### Problem to work on
Everything from the line containing "1-chain coning it" through the line containing "b)%N] = [set a]." should be repeated exactly, and nothing else from the data.
------ Information given ------
(* Let $(G,M,I)$ be a finite formal context and, for each $k\ge0$, let $\mathcal F_k$ be the cosheaf on $D(G,M,I)$ with $\mathcal F_k(\sigma)=C_k(\Delta[\sigma'])$ and extension maps induced by the inclusions $\tau'\subseteq\sigma'$ for $\sigma\subseteq\tau$. The simplicial boundary maps $C_k(\Delta[\sigma'])\to C_{k-1}(\Delta[\sigma'])$ commute with the extension maps and hence induce maps $H_0(\mathcal F_k)\to H_0(\mathcal F_{k-1})$ on zeroth cellular cosheaf homology. The resulting chain complex $(H_0(\mathcal F_k))_{k\ge0}$ is isomorphic to the real simplicial chain complex $C^\Delta(D(M,G,I^T))$ of the dual Dowker complex.
   Context: A formal context is a triple $(G,M,I)$ with $I\subseteq G\times M$; for $A\subseteq G$, $A'=\{m: gIm\ \forall g\in A\}$, for $B\subseteq M$, $B'=\{g: gIm\ \forall m\in B\}$. The Dowker complex $D(G,M,I)$ is the abstract simplicial complex on $G$ whose simplices are the nonempty $\sigma\subseteq G$ with $\sigma'\ne\emptyset$; dually $D(M,G,I^T)$ is the abstract simplicial complex on $M$ whose simplices are the nonempty $S\subseteq M$ with $S'\neq\emptyset$. $C^\Delta$ and $C_k$ denote real (oriented) simplicial chains, with orientations from fixed linear orders on $G$ and $M$; $\Delta[S]$ is the full simplex on $S$. For a cosheaf $\mathcal F$ of real vector spaces on $D(G,M,I)$, cellular cosheaf homology is the homology of $C_j=\bigoplus_{\dim\tau=j}\mathcal F(\tau)$ with $\partial_j x=\sum_{i=0}^{j}(-1)^i\mathcal F(\tau_i\subseteq\tau)(x)$ for $x\in\mathcal F(\tau)$, $\tau=\{g_0<\dots<g_j\}$, $\tau_i=\tau\setminus\{g_i\}$; in particular $H_0(\mathcal F)=C_0/\partial_1(C_1)$. *)

From HB Require Import structures.
From mathcomp Require Import all_boot all_order all_algebra.
From mathcomp Require Import reals.
Set Implicit Arguments. Unset Strict Implicit. Unset Printing Implicit Defensive.
Import Order.TTheory GRing.Theory Num.Theory.
Local Open Scope ring_scope.

(* A finite formal context (G,M,I) with G = 'I_n, M = 'I_m (linearly ordered
   by the natural order of ordinals); I g x means g I x. *)

Definition intent (n m : nat) (I : 'I_n -> 'I_m -> bool) (A : {set 'I_n})
  : {set 'I_m} := [set x | [forall g in A, I g x]].
Definition extent (n m : nat) (I : 'I_n -> 'I_m -> bool) (B : {set 'I_m})
  : {set 'I_n} := [set g | [forall x in B, I g x]].

(* Orientation sign (-1)^i where i is the position of x in the ordered
   simplex tau (x \in tau). *)
Definition osign (R : pzRingType) (p : nat) (tau : {set 'I_p}) (x : 'I_p) : R :=
  (-1) ^+ #|[set h in tau | (val h < val x)%N]|.

(* A vector of C_j(F_k) = ⊕_{dim sigma = j} C_k(Δ[sigma']) is encoded as a
   function on pairs (sigma, s), s a k-simplex of Δ[sigma'], i.e. the
   coefficient of the basis element e_sigma ⊗ s. *)
Definition coshChain (R : pzRingType) (n m : nat) (I : 'I_n -> 'I_m -> bool)
  (j k : nat) (f : {ffun {set 'I_n} * {set 'I_m} -> R}) : Prop :=
  forall p, f p != 0 ->
    [/\ #|p.1| = j.+1, intent I p.1 != set0,
        p.2 \subset intent I p.1 & #|p.2| = k.+1].

(* Cellular cosheaf boundary C_j(F_k) -> C_{j-1}(F_k) (used for j = 1):
   d(e_tau ⊗ s) = sum_i (-1)^i e_{tau_i} ⊗ F(tau_i ⊆ tau)(s), where the
   extension map is induced by the inclusion tau' ⊆ tau_i', hence sends the
   simplex s to itself. *)
Definition coshBd (R : pzRingType) (n m : nat)
  (f : {ffun {set 'I_n} * {set 'I_m} -> R}) : {ffun {set 'I_n} * {set 'I_m} -> R} :=
  [ffun p => if p.1 != set0 then
     \sum_(g | g \notin p.1) osign R (g |: p.1) g * f (g |: p.1, p.2)
   else 0].

(* The map C_0(F_k) -> C_0(F_{k-1}) given on each summand C_k(Δ[sigma'])
   by the simplicial boundary (with C_{-1} = 0), in coordinates. *)
Definition fibreBd (R : pzRingType) (n m : nat)
  (f : {ffun {set 'I_n} * {set 'I_m} -> R}) : {ffun {set 'I_n} * {set 'I_m} -> R} :=
  [ffun p => if p.2 != set0 then
     \sum_(x | x \notin p.2) osign R (x |: p.2) x * f (p.1, x |: p.2)
   else 0].

(* C_k(D(M,G,I^T)): functions on subsets S of M supported on k-simplices,
   i.e. #|S| = k+1 and S' nonempty. *)
Definition dualChain (R : pzRingType) (n m : nat) (I : 'I_n -> 'I_m -> bool)
  (k : nat) (h : {ffun {set 'I_m} -> R}) : Prop :=
  forall s, h s != 0 -> #|s| = k.+1 /\ extent I s != set0.

Definition simpBd (R : pzRingType) (m : nat) (h : {ffun {set 'I_m} -> R})
  : {ffun {set 'I_m} -> R} :=
  [ffun s => if s != set0 then
     \sum_(x | x \notin s) osign R (x |: s) x * h (x |: s)
   else 0].

From HB Require Import structures.
From mathcomp Require Import all_boot all_order all_algebra.
From mathcomp Require Import reals.
Set Implicit Arguments. Unset Strict Implicit. Unset Printing Implicit Defensive.
Import Order.TTheory GRing.Theory Num.Theory.
Local Open Scope ring_scope.

(* The isomorphism sums a 0-chain of F_k over the vertices: a k-simplex s of
   Δ[M] lies in Δ[{g}'] exactly for the vertices g of s', and these span the
   full simplex Δ[s'] of D(G,M,I), whose H_0 is the line of augmentations.
   So a 0-chain with zero augmentation over every s is the boundary of the
   1-chain coning it off from one vertex r of s', and a dual chain lifts by
   placing its value on r.  The two boundaries act on different coordinates,
   hence commute. *)

Lemma sumr_neq0P (T : finType) (V : nmodType) (P : pred T) (F : T -> V) :
  \sum_(i | P i) F i != 0 -> exists2 i, P i & F i != 0.
Proof.
case: (boolP [exists i, P i && (F i != 0)]) => [/existsP[i /andP[]]|]; first by exists i.
move=> /existsPn noF; rewrite big1 ?eqxx // => i Pi.
by apply/eqP; move: (noF i); rewrite Pi negbK.
Qed.

Lemma sum_antisym_eq0 (R : numDomainType) (T : finType) (F : T -> T -> R) :
  (forall a b, F a b = - F b a) -> \sum_a \sum_b F a b = 0.
Proof.
move=> FN; set S := \sum_a _.
have SN : S = - S.
  rewrite {2}/S exchange_big -sumrN; apply: eq_bigr => a _.
  by rewrite -sumrN; apply: eq_bigr => b _; apply: FN.
have : S *+ 2 == 0 by rewrite mulr2n {2}SN addrN.
by rewrite mulrn_eq0 => /eqP.
Qed.

Section Orientation.
Variables (R : pzRingType) (p : nat).
Implicit Types (tau : {set 'I_p}) (a b x : 'I_p).

Lemma osign_sqr tau x : osign R tau x * osign R tau x = 1.
Proof. by rewrite -exprD addnn -mul2n exprM sqrrN expr1n expr1n. Qed.

Lemma osign2_lt a b : (val a < val b)%N ->
  osign R [set a; b] a = 1 /\ osign R [set a; b] b = -1.
Proof.
move=> ab; rewrite /osign.
have -> : [set h in [set a; b] | (val h < val a)%N] = set0.
  apply/setP => h; rewrite !inE; apply/negbTE/andP => -[/orP[] /eqP -> ].
    by rewrite ltnn.
  by rewrite ltnNge ltnW.
have -> : [set h in [set a; b] | (val h < val b)%N] = [set a].
  apply/setP => h; rewrite !inE; case: (eqVneq h a) => [->|_]; first by rewrite ab.
  by case: (eqVneq h b) => [->|]; rewrite ?ltnn.
by rewrite cards0 cards1.
Qed.

Lemma osign2_swap a b : a != b -> osign R [set a; b] a = - osign R [set a; b] b.
Proof.
move=> ab; case: (ltngtP (val a) (val b)) => [lt|lt|eq].
- by case: (osign2_lt lt) => -> ->; rewrite opprK.
- by rewrite setUC; case: (osign2_lt lt) => -> ->.
- by move: ab; rewrite -val_eqE eq eqxx.
Qed.

Lemma osign2_mul a b : a != b -> osign R [set a; b] a * osign R [set a; b] b = -1.
Proof. by move=> ab; rewrite osign2_swap // mulNr osign_sqr. Qed.

End Orientation.

Section DowkerGalois.
Variables (n m : nat) (I : 'I_n -> 'I_m -> bool).
Implicit Types (A : {set 'I_n}) (B : {set 'I_m}).

Lemma intent_extent_galois A B : (B \subset intent I A) = (A \subset extent I B).
Proof.
by apply/subsetP/subsetP => H x xX; rewrite inE; apply/forallP => y;
  apply/implyP => yY; have := H y yY; rewrite inE => /forallP/(_ x); rewrite xX.
Qed.

Lemma in_extent g B : (g \in extent I B) = (B \subset intent I [set g]).
Proof. by rewrite intent_extent_galois sub1set. Qed.

End DowkerGalois.

Definition augment (R : pzRingType) (n m : nat)
  (f : {ffun {set 'I_n} * {set 'I_m} -> R}) : {ffun {set 'I_m} -> R} :=
  [ffun s => \sum_g f ([set g], s)].

Section DowkerCosheafChains.
Variables (R : pzRingType) (n m : nat) (I : 'I_n -> 'I_m -> bool).
Implicit Types (f : {ffun {set 'I_n} * {set 'I_m} -> R}) (h : {ffun {set 'I_m} -> R}).
Implicit Types (A : {set 'I_n}) (B : {set 'I_m}) (c r : 'I_n).

Lemma fibreBd_chain j k f : coshChain I j k.+1 f -> coshChain I j k (fibreBd f).
Proof.
move=> Hf [A B]; rewrite ffunE /=; case: ifP => [_|]; last by rewrite eqxx.
case/sumr_neq0P => x xB nz.
have /Hf /= [cA iA sB cB] : f (A, x |: B) != 0 by apply: contraNneq nz => ->; rewrite mulr0.
split=> //; first exact: subset_trans (subsetUr _ _) sB.
by move: cB; rewrite cardsU1 xB => -[].
Qed.

Lemma coshChain0_vertex k f A B : coshChain I 0 k f -> f (A, B) != 0 ->
  exists2 g, A = [set g] & g \in extent I B.
Proof.
move=> Hf /Hf /= [/eqP/cards1P[g ->] _ sB _].
by exists g => //; rewrite in_extent.
Qed.

Lemma augment_lin a f1 f2 :
  augment [ffun p => a * f1 p + f2 p] = [ffun s => a * augment f1 s + augment f2 s].
Proof.
apply/ffunP => s; rewrite !ffunE; under eq_bigr do rewrite ffunE.
by rewrite big_split /= mulr_sumr.
Qed.

Lemma augment_chain k f : coshChain I 0 k f -> dualChain I k (augment f).
Proof.
move=> Hf s; rewrite ffunE => /sumr_neq0P[g _ fg].
have [_ _ _ cs] := Hf _ fg; have [g' _ g's] := coshChain0_vertex Hf fg.
by split=> //; apply/set0Pn; exists g'.
Qed.

Lemma augment_fibreBd f : augment (fibreBd f) = simpBd (augment f).
Proof.
apply/ffunP => s; rewrite !ffunE; under eq_bigr do rewrite ffunE /=.
case: (s != set0); last by rewrite big1.
under [in RHS]eq_bigr do rewrite ffunE mulr_sumr.
by rewrite exchange_big.
Qed.

Definition apex (B : {set 'I_m}) : option 'I_n := [pick r in extent I B].

Definition liftDual h : {ffun {set 'I_n} * {set 'I_m} -> R} :=
  [ffun p => if apex p.2 is Some r then (if p.1 == [set r] then h p.2 else 0) else 0].

Lemma liftDual_chain k h : dualChain I k h -> coshChain I 0 k (liftDual h).
Proof.
move=> Hh [A B]; rewrite ffunE /apex /=; case: pickP => [r|_]; last by rewrite eqxx.
rewrite in_extent => sB; case: (eqVneq A [set r]) => [->|_]; last by rewrite eqxx.
case/Hh => cB _; rewrite cards1; split=> //.
by apply: subset_neq0 sB _; rewrite -card_gt0 cB.
Qed.

Lemma augment_liftDual k h : dualChain I k h -> augment (liftDual h) = h.
Proof.
move=> Hh; apply/ffunP => s; rewrite ffunE; under eq_bigr do rewrite ffunE /apex /=.
case: pickP => [r _|noapex].
  rewrite (bigD1 r) //= eqxx big1 ?addr0 // => g gr.
  by rewrite (inj_eq set1_inj) (negbTE gr).
rewrite big1 //; apply/esym/eqP; apply: contraT => /Hh[_ /set0Pn[g]].
by rewrite noapex.
Qed.

(* Over s, the edge {r, c} from the apex r of s' carries f({c}, s), signed so
   that its face at c gives back f({c}, s). *)
Definition cone f : {ffun {set 'I_n} * {set 'I_m} -> R} :=
  [ffun p : {set 'I_n} * {set 'I_m} => if apex p.2 is Some r then
     (if (r \in p.1) && (#|p.1| == 2)%N then osign R p.1 r * f (p.1 :\ r, p.2) else 0)
   else 0 : R].

Lemma cone_chain k f : coshChain I 0 k f -> coshChain I 1 k (cone f).
Proof.
move=> Hf [A B]; rewrite ffunE /apex /=; case: pickP => [r rB|_]; last by rewrite eqxx.
case: ifP => [/andP[rA /eqP cA] nz|_]; last by rewrite eqxx.
have /Hf /= [_ _ sB cB] : f (A :\ r, B) != 0 by apply: contraNneq nz => ->; rewrite mulr0.
have sBA : B \subset intent I A.
  by rewrite intent_extent_galois -(setD1K rA) subUset sub1set rB -intent_extent_galois.
by split=> //; apply: subset_neq0 sBA _; rewrite -card_gt0 cB.
Qed.

Lemma coshBd_cone_offvertex f A B : (#|A| != 1)%N -> coshBd (cone f) (A, B) = 0.
Proof.
move=> cA; rewrite ffunE /=; case: ifP => // _; rewrite big1 // => a aA.
rewrite ffunE /=; case: (apex B) => [r|]; last by rewrite mulr0.
by rewrite cardsU1 aA add1n eqSS (negbTE cA) andbF mulr0.
Qed.

(* At the apex itself, the vanishing augmentation over B turns the sum of the
   other vertices' terms into f({r}, B). *)
Lemma coshBd_cone_vertex f c B r : apex B = Some r -> augment f B = 0 ->
  coshBd (cone f) ([set c], B) = f ([set c], B).
Proof.
move=> Er f0; rewrite ffunE /= -card_gt0 cards1 /=.
have coneE a : a != c -> cone f ([set a; c], B) =
    if r \in [set a; c] then osign R [set a; c] r * f ([set a; c] :\ r, B) else 0.
  by move=> ac; rewrite ffunE /= Er cards2 ac andbT.
case: (eqVneq c r) => [cr | cr].
  subst c; move: f0; rewrite ffunE (bigD1 r) //= => /eqP; rewrite addr_eq0 => /eqP ->.
  rewrite -sumrN; apply: eq_big => [a|a]; first by rewrite in_set1.
  rewrite in_set1 => ar; rewrite coneE // !inE eqxx orbT mulrA osign2_mul // mulN1r.
  by rewrite setUC setU1K // in_set1 eq_sym.
rewrite (bigD1 r) /=; last by rewrite in_set1 eq_sym.
rewrite coneE 1?eq_sym // !inE eqxx /= setU1K ?in_set1 1?eq_sym //.
rewrite mulrA osign_sqr mul1r big1 ?addr0 // => a /andP[ac ar]; rewrite in_set1 in ac.
by rewrite coneE // !inE (eq_sym r) (negbTE ar) eq_sym (negbTE cr) mulr0.
Qed.

Lemma augment_eq0_coshBd k f : coshChain I 0 k f -> augment f = 0 -> f = coshBd (cone f).
Proof.
move=> Hf f0; apply/ffunP => -[A B].
have [/cards1P[c ->] | cA] := boolP (#|A| == 1)%N; last first.
  rewrite coshBd_cone_offvertex //; apply/eqP; apply: contraT => /Hf /= [cA1 _ _ _].
  by rewrite cA1 in cA.
case Er: (apex B) => [r|].
  by rewrite (coshBd_cone_vertex c Er) // f0 ffunE.
rewrite [RHS]ffunE /= -card_gt0 cards1 big1 => [|a _]; last by rewrite ffunE /= Er mulr0.
apply/eqP; apply: contraT => /(coshChain0_vertex Hf)[g _ gB].
by move: Er; rewrite /apex; case: pickP => [//|/(_ g)]; rewrite gB.
Qed.

End DowkerCosheafChains.

Lemma fibreBd_coshBd (R : comPzRingType) (n m : nat)
  (f : {ffun {set 'I_n} * {set 'I_m} -> R}) : fibreBd (coshBd f) = coshBd (fibreBd f).
Proof.
apply/ffunP => -[A B]; rewrite !ffunE /=.
under eq_bigr do rewrite ffunE /=.
under [in RHS]eq_bigr do rewrite ffunE /=.
case: (A != set0); case: (B != set0) => //; last 2 first.
- by rewrite big1 // => g _; rewrite mulr0.
- by rewrite big1 // => g _; rewrite mulr0.
under eq_bigr do rewrite mulr_sumr.
under [in RHS]eq_bigr do rewrite mulr_sumr.
by rewrite exchange_big; apply: eq_bigr => g _; apply: eq_bigr => x _; rewrite mulrCA.
Qed.

(* Each edge {a, c} sends its coefficient to both endpoint fibres with
   opposite orientation signs. *)
Lemma augment_coshBd (R : numDomainType) (n m : nat)
  (g : {ffun {set 'I_n} * {set 'I_m} -> R}) : augment (coshBd g) = 0.
Proof.
apply/ffunP => s; rewrite !ffunE.
under eq_bigr do rewrite ffunE /= -card_gt0 cards1 /= big_mkcond.
apply: sum_antisym_eq0 => c a; rewrite !in_set1 eq_sym.
case: eqVneq => [_|ac]; first by rewrite oppr0.
by rewrite [[set c; a]]setUC osign2_swap 1?eq_sym //= mulNr.
Qed.

Theorem mainTheorem6 (R : realType) (n m : nat) (I : 'I_n -> 'I_m -> bool) :
  (forall k (f : {ffun {set 'I_n} * {set 'I_m} -> R}),
      coshChain I 0 k.+1 f -> coshChain I 0 k (fibreBd f)) /\
  (forall k (f : {ffun {set 'I_n} * {set 'I_m} -> R}),
      coshChain I 1 k.+1 f ->
      coshChain I 1 k (fibreBd f) /\ fibreBd (coshBd f) = coshBd (fibreBd f)) /\
  exists phi : nat -> {ffun {set 'I_n} * {set 'I_m} -> R} -> {ffun {set 'I_m} -> R},
    forall k : nat,
    [/\ (forall (a : R) (f g : {ffun {set 'I_n} * {set 'I_m} -> R}), coshChain I 0 k f -> coshChain I 0 k g ->
           phi k [ffun p => a * f p + g p] = [ffun s => a * phi k f s + phi k g s]),
        (forall f, coshChain I 0 k f -> dualChain I k (phi k f)),
        (forall h, dualChain I k h -> exists f, coshChain I 0 k f /\ phi k f = h),
        (forall f, coshChain I 0 k f ->
           (phi k f = 0 <-> exists g, coshChain I 1 k g /\ f = coshBd g)) &
        (forall f, coshChain I 0 k.+1 f -> phi k (fibreBd f) = simpBd (phi k.+1 f))].
Proof.
split; first exact: fibreBd_chain.
split; first by move=> k f Hf; split; [apply: fibreBd_chain | apply: fibreBd_coshBd].
exists (fun _ => @augment R n m) => k; split.
- by move=> a f g _ _; apply: augment_lin.
- exact: augment_chain.
- by move=> h Hh; exists (liftDual I h); split; [apply: liftDual_chain Hh | apply: augment_liftDual Hh].
- move=> f Hf; split => [f0 | [g [_ ->]]]; last exact: augment_coshBd.
  by exists (cone I f); split; [apply: cone_chain | apply: augment_eq0_coshBd Hf f0].
- by move=> f _; apply: augment_fibreBd.
Qed.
------
### Result below
   1-chain coning it off from one vertex r of s', and a dual chain lifts by
   placing its value on r.  The two boundaries act on different coordinates,
   hence commute. *)

Lemma sumr_neq0P (T : finType) (V : nmodType) (P : pred T) (F : T -> V) :
  \sum_(i | P i) F i != 0 -> exists2 i, P i & F i != 0.
Proof.
case: (boolP [exists i, P i && (F i != 0)]) => [/existsP[i /andP[]]|]; first by exists i.
move=> /existsPn noF; rewrite big1 ?eqxx // => i Pi.
by apply/eqP; move: (noF i); rewrite Pi negbK.
Qed.

Lemma sum_antisym_eq0 (R : numDomainType) (T : finType) (F : T -> T -> R) :
  (forall a b, F a b = - F b a) -> \sum_a \sum_b F a b = 0.
Proof.
move=> FN; set S := \sum_a _.
have SN : S = - S.
  rewrite {2}/S exchange_big -sumrN; apply: eq_bigr => a _.
  by rewrite -sumrN; apply: eq_bigr => b _; apply: FN.
have : S *+ 2 == 0 by rewrite mulr2n {2}SN addrN.
by rewrite mulrn_eq0 => /eqP.
Qed.

Section Orientation.
Variables (R : pzRingType) (p : nat).
Implicit Types (tau : {set 'I_p}) (a b x : 'I_p).

Lemma osign_sqr tau x : osign R tau x * osign R tau x = 1.
Proof. by rewrite -exprD addnn -mul2n exprM sqrrN expr1n expr1n. Qed.

Lemma osign2_lt a b : (val a < val b)%N ->
  osign R [set a; b] a = 1 /\ osign R [set a; b] b = -1.
Proof.
move=> ab; rewrite /osign.
have -> : [set h in [set a; b] | (val h < val a)%N] = set0.
  apply/setP => h; rewrite !inE; apply/negbTE/andP => -[/orP[] /eqP -> ].
    by rewrite ltnn.
  by rewrite ltnNge ltnW.
have -> : [set h in [set a; b] | (val h < val b)%N] = [set a].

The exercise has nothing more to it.